** ACTIVITY **
Give the number of lines in the following entries that contain the word "subsetP", with nothing added.

** DATA SHOWN **
Lemma pattern_set_sub_cfker P l : (forall i j, P i j -> i < j)%N ->
  pattern_set P \subset cfker (dot_char l) <-> forall i j, P i j -> l i j = 0.
Proof.
move=> P_ut; rewrite cfker_dot_char; split => [sPker i j Pij | l0]; last first.
  apply/subsetP => x Px; rewrite inE (dotmx_pattern_set l0 Px) th0 eqxx andbT.
  by apply: subsetP Px; apply: pattern_set_subset.
apply/eqP/negP => /negP nz_l; have [t th_t] := th_nontrivial.
have := subsetP sPker _ (scale_delta_pattern_set (t / l i j) Pij).
by rewrite inE dotmx_scale_delta mulrCA divff // mulr1 (negPf th_t) andbF.
Qed.

Lemma dot_char_inj : {in UTn &, injective dot_char}.
Proof.
move=> l1 l2 U1 U2 eq12; apply/matrixP => i j; apply/eqP; rewrite -subr_eq0.
have [lt_ij | le_ji] := ltnP i j; last first.
  have nlt_ij : ~~ (i < j)%N by rewrite -leqNgt.
  by rewrite (pattern_set_entry U1 nlt_ij) (pattern_set_entry U2 nlt_ij) subrr.
have sUker : pattern_set (fun i j : 'I_n => (i < j)%N) \subset cfker (dot_char (l1 - l2)).
  apply/subsetP => x Ux; rewrite cfker_dot_char inE Ux dotmxBl thB -!dot_charE // eq12.
  by rewrite divff ?eqxx // (lin_char_neq0 (dot_char_lin l2) Ux).
by have /(_ i j lt_ij) := (pattern_set_sub_cfker _ (fun _ _ => id)).1 sUker; rewrite !mxE => ->.
Qed.

Lemma sum_Iirr_UT (R : nmodType) (G : 'CF(UTn) -> R) :
  \sum_(k : Iirr UTn) G 'chi_k = \sum_(l in UTn) G (dot_char l).
Proof.
pose h l := cfIirr (dot_char l).
have hE l : 'chi_(h l) = dot_char l := cfIirrE (lin_char_irr (dot_char_lin l)).
have h_inj : {in UTn &, injective h}.
  by move=> l1 l2 U1 U2 /(congr1 (fun k => 'chi_k)); rewrite !hE; apply: dot_char_inj.
have h_onto : h @: UTn = setT.
  apply/eqP; rewrite eqEcard subsetT cardsT card_in_imset //.
  by rewrite card_Iirr_abelian ?abelian_UT //= leqnn.
rewrite [RHS](eq_bigr (fun l => G 'chi_(h l))) => [|l _]; last by rewrite hE.
rewrite -(big_imset (fun k => G 'chi_k) h_inj) h_onto.
by apply: eq_bigl => k; rewrite in_setT.
Qed.

Variable v : 'S_n.

Lemma largest_in_cfker_dot_char l :
  largest_in v (cfker (dot_char l)) <->
  (forall i j, ut_w_supp v i j -> l i j = 0) /\ (forall i j, ut_w_border v i j -> l i j != 0).
Proof.
have ut_w_sub u : ut_w F u \subset cfker (dot_char l) <-> forall i j, ut_w_supp u i j -> l i j = 0.
  by apply: pattern_set_sub_cfker => // i j /andP[].
split.
  case/andP => /ut_w_sub l0 /forallP maxv; split => // i j /andP[lt_ij /eqP border].
  apply/eqP => lij0.
  have room : ((i + iota_w v i).+1 < n)%N by have := ltn_ord j; lia.
  have [u [u_i u_other]] := exists_iota_w_succ room.
  have l0u a b : ut_w_supp u a b -> l a b = 0.
    case/andP; have [-> | a_i] := eqVneq a i => lt_ab; last first.
      by rewrite u_other // => le; apply: l0; rewrite /ut_w_supp lt_ab le.
    rewrite u_i leq_eqVlt ltnS => /orP[/eqP e | le]; last by apply: l0; rewrite /ut_w_supp lt_ab le.
    by have -> : b = j by apply: ord_inj; lia.
  have := subsetP (implyP (maxv u) ((ut_w_sub u).2 l0u)) (delta_mx i j).
  by rewrite !ut_wE !delta_pattern_setE /ut_w_supp lt_ij u_i border ltnn leqnn => /(_ isT).
case=> l0 border_nz; apply/andP; split; first exact/ut_w_sub.
apply/forallP => u; apply/implyP => /ut_w_sub l0u.
rewrite !ut_wE; apply: pattern_set_subset => a b /andP[lt_ab le_u].
rewrite /ut_w_supp lt_ab leqNgt; apply/negP => lt_v.
have lt_jn : (a + (iota_w v a).+1 < n)%N by have := ltn_ord b; lia.
have border : ut_w_border v a (Ordinal lt_jn) by apply/andP; split => /=; lia.
by have := border_nz _ _ border; rewrite l0u ?eqxx //; apply/andP; split => /=; lia.
Qed.

Definition admissible i j (t : F) :=
  if ut_w_border v i j then t != 0 else ut_w_far v i j || (t == 0).

Lemma admissibleE l :
  (l \in UTn) && largest_in v (cfker (dot_char l)) = [forall i, forall j, admissible i j (l i j)].
Proof.
apply/andP/forallP => [[Ul /largest_in_cfker_dot_char[l0 nz]] i | adm].
  apply/forallP => j; rewrite /admissible; case: ifP => [/nz // | not_border].
  have [lt_ij | le_ji] := ltnP i j; last by rewrite (pattern_set_entry Ul) ?eqxx ?orbT // -leqNgt.
  case far: (ut_w_far v i j) => //=; apply/eqP/l0.
  by move: not_border far; rewrite /ut_w_border /ut_w_far /ut_w_supp lt_ij /=; lia.
have adm_ij i j : admissible i j (l i j) := forallP (adm i) j.
have Ul : l \in UTn.
  apply/pattern_setP => i j nz; have := adm_ij i j; rewrite /admissible (negPf nz) orbF.
  by case: ifP => [/andP[] | _ /andP[]].
split => //; apply/largest_in_cfker_dot_char; split => i j; have := adm_ij i j; rewrite /admissible.
  move=> + supp.
  have -> : ut_w_border v i j = false by move: supp; rewrite /ut_w_border /ut_w_supp; lia.
  have -> : ut_w_far v i j = false by move: supp; rewrite /ut_w_far /ut_w_supp; lia.
  by move/eqP.
by move=> + border; rewrite border.
Qed.

Lemma sum_admissible i j c :
  \sum_(t | admissible i j t) th (t * c)
  = (if ut_w_border v i j then reg_char c - one_char c else 1)
    * (if ut_w_far v i j then reg_char c else 1).
Proof.
rewrite /admissible /one_char; case border: (ut_w_border v i j).
  have -> : ut_w_far v i j = false by move: border; rewrite /ut_w_border /ut_w_far; lia.
  have := sum_th_mul c; rewrite (bigD1 0) //= mul0r th0 => <-.
  by rewrite mulr1 addrC addrK.
case: (ut_w_far v i j); first by rewrite mul1r; exact: sum_th_mul.
by rewrite mulr1 big_pred1_eq mul0r th0.
Qed.

Lemma superchar_prod x : x \in UTn ->
  superchar v x = \prod_i \prod_j
    ((if ut_w_border v i j then reg_char (x i j) - one_char (x i j) else 1)
     * (if ut_w_far v i j then reg_char (x i j) else 1)).
Proof.
move=> Ux; rewrite /superchar big_mkcond /=.
rewrite (sum_Iirr_UT (fun phi => if largest_in v (cfker phi) then phi 1%g * phi x else 0)).
rewrite -big_mkcondr /= (eq_bigl _ _ admissibleE).
under eq_bigr => l _ do rewrite lin_char1 ?dot_char_lin // mul1r dot_char_prod //.
rewrite (sum_mx_prod admissible (fun i j t => th (t * x i j))).
by apply: eq_bigr => i _; apply: eq_bigr => j _; exact: sum_admissible.
Qed.

End DotCharacters.

Unset Implicit Arguments.

Theorem corollary3p3 (F : finFieldType) (n : nat) (v : 'S_n) (x : 'M[F]_n) :
  x \in ut_set F n ->
  superchar v x =
    (\prod_(i < n) \prod_(j < n | (i < j)%N && (j - i <= iota_w v i)%N)
        one_char (x i j))
  * (\prod_(i < n) \prod_(j < n | (i < j)%N && (j - i == (iota_w v i).+1)%N)
        (reg_char (x i j) - one_char (x i j)))
  * (\prod_(i < n) \prod_(j < n | (i < j)%N && ((iota_w v i).+1 < j - i)%N)
        reg_char (x i j)).
Proof.
move=> Ux; have [th th_lin th_sum0] := exists_lin_char_sum0 F.
rewrite (superchar_prod th_lin th_sum0 v Ux).
rewrite [X in X * _ * _]big1 ?mul1r => [|i _]; last exact: big1.
rewrite -big_split; apply: eq_bigr => i _.
by rewrite [X in _ = X * _]big_mkcond [X in _ = _ * X]big_mkcond -big_split.
Qed.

** OUTPUT OF THE EXERCISE **
5